Dataset entries:
▬▬▬▬▬▬

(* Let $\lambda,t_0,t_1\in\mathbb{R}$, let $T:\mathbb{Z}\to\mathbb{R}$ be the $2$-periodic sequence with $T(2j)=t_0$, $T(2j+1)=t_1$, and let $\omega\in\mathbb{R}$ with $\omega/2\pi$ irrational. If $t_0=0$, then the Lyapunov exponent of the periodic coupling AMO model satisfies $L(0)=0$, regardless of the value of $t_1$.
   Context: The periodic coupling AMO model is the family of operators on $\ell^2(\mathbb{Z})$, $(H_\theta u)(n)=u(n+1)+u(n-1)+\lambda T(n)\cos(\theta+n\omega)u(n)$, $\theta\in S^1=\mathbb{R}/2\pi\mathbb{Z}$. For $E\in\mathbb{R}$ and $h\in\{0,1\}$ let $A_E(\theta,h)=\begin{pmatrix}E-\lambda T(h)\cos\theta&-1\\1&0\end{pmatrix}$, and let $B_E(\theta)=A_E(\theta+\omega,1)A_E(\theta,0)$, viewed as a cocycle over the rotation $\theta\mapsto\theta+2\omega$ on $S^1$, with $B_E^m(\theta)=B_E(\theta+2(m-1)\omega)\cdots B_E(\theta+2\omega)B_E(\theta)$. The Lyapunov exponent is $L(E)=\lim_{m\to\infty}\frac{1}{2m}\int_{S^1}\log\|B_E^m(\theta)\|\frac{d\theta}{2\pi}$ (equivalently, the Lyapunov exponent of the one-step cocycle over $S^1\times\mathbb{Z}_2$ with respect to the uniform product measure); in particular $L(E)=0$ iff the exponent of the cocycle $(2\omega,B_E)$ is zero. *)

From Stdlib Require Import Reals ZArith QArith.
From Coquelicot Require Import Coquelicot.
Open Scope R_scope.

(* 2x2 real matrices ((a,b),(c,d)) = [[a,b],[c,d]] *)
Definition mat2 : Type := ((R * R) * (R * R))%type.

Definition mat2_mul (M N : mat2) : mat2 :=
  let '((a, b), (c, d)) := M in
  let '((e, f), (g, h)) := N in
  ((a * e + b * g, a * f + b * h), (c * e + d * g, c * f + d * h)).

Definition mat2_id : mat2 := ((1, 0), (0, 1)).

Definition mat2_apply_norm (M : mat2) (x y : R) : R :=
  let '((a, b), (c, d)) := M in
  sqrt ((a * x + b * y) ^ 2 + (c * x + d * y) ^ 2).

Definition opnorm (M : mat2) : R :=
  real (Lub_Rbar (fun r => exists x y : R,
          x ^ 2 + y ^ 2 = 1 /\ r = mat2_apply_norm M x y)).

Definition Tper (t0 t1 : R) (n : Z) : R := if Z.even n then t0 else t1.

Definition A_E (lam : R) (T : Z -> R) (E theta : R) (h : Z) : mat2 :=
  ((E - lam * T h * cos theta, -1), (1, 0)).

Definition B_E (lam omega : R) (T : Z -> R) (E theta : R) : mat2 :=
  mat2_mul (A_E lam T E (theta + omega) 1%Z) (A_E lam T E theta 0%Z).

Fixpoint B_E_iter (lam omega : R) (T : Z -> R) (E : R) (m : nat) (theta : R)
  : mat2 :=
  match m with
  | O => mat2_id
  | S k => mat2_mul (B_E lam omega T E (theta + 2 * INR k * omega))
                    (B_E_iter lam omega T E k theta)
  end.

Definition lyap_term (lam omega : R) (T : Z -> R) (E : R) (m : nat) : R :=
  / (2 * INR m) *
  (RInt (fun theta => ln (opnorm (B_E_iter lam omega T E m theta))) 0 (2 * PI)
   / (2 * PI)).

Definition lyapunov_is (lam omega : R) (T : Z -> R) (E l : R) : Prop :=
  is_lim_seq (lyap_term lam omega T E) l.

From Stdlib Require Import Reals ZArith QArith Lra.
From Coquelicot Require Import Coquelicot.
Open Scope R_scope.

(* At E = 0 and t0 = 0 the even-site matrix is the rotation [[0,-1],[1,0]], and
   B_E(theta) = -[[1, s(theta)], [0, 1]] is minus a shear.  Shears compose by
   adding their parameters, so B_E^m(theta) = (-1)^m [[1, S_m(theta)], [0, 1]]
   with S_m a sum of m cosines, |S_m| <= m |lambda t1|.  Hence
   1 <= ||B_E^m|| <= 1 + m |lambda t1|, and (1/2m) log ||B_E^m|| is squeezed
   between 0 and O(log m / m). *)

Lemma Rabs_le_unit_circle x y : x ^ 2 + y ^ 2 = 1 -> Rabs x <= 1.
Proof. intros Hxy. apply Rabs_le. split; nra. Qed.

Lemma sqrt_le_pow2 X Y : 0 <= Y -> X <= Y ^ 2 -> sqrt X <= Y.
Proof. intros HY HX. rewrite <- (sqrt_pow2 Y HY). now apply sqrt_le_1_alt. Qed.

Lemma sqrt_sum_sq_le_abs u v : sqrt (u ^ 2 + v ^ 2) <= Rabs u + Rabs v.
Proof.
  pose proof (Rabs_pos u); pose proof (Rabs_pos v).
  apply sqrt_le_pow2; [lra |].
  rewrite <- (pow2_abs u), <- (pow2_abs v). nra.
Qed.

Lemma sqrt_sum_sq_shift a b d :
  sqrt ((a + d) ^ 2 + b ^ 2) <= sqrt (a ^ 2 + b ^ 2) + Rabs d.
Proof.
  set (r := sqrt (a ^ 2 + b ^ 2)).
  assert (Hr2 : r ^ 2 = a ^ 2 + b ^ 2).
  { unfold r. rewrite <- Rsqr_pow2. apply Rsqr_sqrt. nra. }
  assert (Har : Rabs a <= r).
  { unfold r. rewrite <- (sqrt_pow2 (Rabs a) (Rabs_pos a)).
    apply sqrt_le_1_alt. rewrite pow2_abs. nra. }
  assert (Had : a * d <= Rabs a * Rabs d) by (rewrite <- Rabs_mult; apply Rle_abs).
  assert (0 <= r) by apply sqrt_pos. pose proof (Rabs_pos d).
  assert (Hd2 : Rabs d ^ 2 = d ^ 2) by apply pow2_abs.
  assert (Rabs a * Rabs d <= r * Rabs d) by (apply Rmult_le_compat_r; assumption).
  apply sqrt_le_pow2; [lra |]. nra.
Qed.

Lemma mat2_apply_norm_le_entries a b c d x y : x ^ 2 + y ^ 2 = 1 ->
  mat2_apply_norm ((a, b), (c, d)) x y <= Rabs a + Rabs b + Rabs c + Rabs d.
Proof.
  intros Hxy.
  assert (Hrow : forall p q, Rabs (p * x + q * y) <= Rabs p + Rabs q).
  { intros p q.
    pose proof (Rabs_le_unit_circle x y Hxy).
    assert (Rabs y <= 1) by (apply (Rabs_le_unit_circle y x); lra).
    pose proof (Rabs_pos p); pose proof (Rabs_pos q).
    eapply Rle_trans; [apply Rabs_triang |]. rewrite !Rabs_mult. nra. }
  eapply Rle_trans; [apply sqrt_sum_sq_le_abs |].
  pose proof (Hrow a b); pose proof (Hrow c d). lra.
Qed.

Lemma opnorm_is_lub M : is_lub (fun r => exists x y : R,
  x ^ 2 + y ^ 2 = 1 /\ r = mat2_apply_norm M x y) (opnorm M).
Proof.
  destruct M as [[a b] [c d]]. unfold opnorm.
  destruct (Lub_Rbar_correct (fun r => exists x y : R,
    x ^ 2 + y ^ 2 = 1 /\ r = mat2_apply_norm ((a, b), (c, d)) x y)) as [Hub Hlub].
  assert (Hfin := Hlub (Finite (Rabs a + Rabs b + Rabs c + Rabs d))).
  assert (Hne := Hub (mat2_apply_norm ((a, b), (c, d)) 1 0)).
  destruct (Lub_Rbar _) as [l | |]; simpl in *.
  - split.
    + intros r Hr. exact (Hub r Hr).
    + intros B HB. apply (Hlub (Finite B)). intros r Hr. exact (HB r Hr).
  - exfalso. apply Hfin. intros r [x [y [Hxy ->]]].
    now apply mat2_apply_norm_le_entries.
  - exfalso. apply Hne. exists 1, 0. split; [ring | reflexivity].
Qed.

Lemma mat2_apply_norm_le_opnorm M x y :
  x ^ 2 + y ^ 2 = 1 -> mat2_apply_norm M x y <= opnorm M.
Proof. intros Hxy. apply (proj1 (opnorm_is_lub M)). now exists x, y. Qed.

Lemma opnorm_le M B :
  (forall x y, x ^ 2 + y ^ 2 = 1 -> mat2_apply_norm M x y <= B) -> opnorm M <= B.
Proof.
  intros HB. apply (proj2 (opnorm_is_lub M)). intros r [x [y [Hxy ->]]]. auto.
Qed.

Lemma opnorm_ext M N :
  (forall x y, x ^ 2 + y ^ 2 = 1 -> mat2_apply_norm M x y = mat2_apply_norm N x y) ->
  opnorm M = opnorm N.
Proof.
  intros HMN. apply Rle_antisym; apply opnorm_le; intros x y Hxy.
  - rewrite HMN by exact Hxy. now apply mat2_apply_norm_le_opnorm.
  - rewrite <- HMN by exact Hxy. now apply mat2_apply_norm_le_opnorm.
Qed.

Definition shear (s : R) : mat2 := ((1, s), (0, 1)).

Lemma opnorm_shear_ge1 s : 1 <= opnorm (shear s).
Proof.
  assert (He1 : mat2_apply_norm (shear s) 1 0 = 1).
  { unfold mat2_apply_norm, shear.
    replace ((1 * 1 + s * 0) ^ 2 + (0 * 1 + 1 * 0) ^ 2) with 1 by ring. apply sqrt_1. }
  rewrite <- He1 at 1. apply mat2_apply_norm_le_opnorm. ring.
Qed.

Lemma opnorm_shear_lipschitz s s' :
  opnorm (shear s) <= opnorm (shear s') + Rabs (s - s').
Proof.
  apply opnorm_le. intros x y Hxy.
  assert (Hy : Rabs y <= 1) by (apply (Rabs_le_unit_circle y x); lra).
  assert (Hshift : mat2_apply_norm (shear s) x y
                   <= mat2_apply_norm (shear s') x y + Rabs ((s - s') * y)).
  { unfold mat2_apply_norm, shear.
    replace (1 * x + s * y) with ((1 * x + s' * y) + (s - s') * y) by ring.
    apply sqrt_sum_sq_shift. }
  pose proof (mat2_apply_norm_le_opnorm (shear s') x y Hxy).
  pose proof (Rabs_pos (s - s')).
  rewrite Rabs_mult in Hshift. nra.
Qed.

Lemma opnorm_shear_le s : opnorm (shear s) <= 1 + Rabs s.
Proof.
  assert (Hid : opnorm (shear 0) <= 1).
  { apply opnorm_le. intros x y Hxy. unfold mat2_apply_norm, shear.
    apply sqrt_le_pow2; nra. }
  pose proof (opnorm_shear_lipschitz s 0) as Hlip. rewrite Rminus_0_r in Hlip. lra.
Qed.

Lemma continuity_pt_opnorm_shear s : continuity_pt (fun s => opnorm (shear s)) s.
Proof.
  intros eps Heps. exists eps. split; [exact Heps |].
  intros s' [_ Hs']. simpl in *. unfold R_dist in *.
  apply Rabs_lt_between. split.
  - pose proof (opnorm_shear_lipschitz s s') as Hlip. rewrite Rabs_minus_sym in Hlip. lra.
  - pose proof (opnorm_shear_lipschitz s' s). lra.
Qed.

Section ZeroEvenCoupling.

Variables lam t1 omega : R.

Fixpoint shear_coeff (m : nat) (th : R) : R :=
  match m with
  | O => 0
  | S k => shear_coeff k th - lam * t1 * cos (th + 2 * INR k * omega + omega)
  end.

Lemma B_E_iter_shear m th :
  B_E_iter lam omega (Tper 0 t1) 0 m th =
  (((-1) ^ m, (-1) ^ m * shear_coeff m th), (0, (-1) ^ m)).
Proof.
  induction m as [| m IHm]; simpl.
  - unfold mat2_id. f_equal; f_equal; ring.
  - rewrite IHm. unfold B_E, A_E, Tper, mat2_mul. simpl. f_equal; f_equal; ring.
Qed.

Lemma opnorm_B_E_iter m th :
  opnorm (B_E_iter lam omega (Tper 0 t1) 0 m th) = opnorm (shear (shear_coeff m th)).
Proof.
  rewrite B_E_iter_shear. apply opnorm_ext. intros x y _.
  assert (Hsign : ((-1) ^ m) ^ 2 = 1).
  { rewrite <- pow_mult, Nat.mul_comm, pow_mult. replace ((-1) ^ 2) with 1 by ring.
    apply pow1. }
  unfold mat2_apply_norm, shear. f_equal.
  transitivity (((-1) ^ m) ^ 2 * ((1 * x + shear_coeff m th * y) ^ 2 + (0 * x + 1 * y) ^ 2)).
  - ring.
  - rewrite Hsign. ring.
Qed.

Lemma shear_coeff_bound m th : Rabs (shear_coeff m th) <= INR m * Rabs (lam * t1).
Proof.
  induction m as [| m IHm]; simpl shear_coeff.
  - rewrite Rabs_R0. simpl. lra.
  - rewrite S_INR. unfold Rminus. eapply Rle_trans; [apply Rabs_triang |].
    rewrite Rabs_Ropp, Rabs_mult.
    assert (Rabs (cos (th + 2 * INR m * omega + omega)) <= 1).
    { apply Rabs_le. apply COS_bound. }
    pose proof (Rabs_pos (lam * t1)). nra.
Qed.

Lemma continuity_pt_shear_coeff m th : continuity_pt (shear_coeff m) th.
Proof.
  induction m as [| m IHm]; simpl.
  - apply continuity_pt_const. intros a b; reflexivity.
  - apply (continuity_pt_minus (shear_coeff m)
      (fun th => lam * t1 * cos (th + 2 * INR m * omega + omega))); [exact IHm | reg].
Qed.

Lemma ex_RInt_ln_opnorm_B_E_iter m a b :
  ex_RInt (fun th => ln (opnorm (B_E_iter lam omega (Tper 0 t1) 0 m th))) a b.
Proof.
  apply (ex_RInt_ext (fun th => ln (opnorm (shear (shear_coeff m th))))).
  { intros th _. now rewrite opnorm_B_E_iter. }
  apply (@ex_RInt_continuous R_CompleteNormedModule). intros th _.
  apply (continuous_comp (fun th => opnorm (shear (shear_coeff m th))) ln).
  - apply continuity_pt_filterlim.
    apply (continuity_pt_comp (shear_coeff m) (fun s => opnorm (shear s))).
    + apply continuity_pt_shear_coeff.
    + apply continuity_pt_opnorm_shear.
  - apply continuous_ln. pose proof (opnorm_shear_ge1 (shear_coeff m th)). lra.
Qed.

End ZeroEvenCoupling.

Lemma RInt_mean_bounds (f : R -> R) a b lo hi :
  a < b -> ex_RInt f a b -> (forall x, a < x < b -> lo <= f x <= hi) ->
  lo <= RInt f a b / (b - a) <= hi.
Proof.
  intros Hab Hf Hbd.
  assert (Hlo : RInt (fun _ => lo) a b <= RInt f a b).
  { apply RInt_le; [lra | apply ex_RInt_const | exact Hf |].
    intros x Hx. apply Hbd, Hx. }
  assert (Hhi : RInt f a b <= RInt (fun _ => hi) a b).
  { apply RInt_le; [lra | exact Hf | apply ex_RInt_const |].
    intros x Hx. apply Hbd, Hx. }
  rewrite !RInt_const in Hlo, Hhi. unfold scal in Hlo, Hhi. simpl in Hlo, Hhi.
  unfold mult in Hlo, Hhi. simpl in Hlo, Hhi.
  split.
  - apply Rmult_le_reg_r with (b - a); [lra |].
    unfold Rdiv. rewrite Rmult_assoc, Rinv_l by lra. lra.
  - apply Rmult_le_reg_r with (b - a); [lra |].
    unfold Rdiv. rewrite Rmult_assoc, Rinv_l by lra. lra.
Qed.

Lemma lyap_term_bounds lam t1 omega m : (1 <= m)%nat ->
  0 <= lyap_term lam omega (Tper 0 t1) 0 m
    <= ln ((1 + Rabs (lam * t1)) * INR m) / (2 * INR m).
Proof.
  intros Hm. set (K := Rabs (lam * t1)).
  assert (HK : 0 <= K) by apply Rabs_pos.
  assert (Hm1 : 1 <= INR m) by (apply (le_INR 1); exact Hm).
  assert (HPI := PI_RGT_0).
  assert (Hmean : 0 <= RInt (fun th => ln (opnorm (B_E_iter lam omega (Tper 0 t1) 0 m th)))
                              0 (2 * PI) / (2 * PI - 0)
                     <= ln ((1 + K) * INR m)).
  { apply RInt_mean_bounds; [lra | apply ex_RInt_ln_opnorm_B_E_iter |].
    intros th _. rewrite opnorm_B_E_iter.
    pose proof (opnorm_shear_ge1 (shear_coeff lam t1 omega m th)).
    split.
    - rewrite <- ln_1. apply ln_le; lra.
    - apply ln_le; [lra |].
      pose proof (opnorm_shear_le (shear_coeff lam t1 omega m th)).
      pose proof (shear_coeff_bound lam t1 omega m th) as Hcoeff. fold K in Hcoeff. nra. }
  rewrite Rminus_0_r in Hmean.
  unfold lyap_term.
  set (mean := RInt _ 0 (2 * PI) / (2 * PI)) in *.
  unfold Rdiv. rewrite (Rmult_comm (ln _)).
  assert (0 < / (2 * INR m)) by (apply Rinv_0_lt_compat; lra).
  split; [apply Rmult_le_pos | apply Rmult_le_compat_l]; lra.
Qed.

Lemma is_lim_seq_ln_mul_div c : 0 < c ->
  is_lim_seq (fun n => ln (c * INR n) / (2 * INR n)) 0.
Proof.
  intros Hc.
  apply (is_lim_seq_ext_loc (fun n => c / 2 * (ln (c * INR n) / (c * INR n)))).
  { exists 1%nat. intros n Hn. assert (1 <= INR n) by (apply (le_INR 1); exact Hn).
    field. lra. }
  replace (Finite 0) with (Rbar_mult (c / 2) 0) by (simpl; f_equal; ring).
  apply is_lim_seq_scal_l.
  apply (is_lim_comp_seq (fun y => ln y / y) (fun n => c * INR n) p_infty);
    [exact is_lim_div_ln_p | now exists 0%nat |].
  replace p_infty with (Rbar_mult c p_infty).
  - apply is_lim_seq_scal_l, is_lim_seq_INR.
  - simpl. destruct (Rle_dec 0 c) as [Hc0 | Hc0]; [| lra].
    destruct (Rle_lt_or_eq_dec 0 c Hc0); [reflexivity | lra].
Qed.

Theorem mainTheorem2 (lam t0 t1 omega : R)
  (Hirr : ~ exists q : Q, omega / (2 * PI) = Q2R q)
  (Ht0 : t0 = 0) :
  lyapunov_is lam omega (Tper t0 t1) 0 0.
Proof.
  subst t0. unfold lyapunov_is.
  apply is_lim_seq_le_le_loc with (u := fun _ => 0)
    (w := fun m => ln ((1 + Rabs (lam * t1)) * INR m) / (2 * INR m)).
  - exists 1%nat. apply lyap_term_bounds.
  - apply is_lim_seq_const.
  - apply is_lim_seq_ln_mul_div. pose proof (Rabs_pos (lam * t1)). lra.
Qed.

▬▬▬▬▬▬

What to work on: Output, from the data above, the lines from the line with "apply sqrt_le_pow2; nra." to the line with "assert (Hsign : ((-1) ^ m) ^ 2 = 1)." exactly as they stand, both ends included and nothing else.

Answer below:
    apply sqrt_le_pow2; nra. }
  pose proof (opnorm_shear_lipschitz s 0) as Hlip. rewrite Rminus_0_r in Hlip. lra.
Qed.

Lemma continuity_pt_opnorm_shear s : continuity_pt (fun s => opnorm (shear s)) s.
Proof.
  intros eps Heps. exists eps. split; [exact Heps |].
  intros s' [_ Hs']. simpl in *. unfold R_dist in *.
  apply Rabs_lt_between. split.
  - pose proof (opnorm_shear_lipschitz s s') as Hlip. rewrite Rabs_minus_sym in Hlip. lra.
  - pose proof (opnorm_shear_lipschitz s' s). lra.
Qed.

Section ZeroEvenCoupling.

Variables lam t1 omega : R.

Fixpoint shear_coeff (m : nat) (th : R) : R :=
  match m with
  | O => 0
  | S k => shear_coeff k th - lam * t1 * cos (th + 2 * INR k * omega + omega)
  end.

Lemma B_E_iter_shear m th :
  B_E_iter lam omega (Tper 0 t1) 0 m th =
  (((-1) ^ m, (-1) ^ m * shear_coeff m th), (0, (-1) ^ m)).
Proof.
  induction m as [| m IHm]; simpl.
  - unfold mat2_id. f_equal; f_equal; ring.
  - rewrite IHm. unfold B_E, A_E, Tper, mat2_mul. simpl. f_equal; f_equal; ring.
Qed.

Lemma opnorm_B_E_iter m th :
  opnorm (B_E_iter lam omega (Tper 0 t1) 0 m th) = opnorm (shear (shear_coeff m th)).
Proof.
  rewrite B_E_iter_shear. apply opnorm_ext. intros x y _.
  assert (Hsign : ((-1) ^ m) ^ 2 = 1).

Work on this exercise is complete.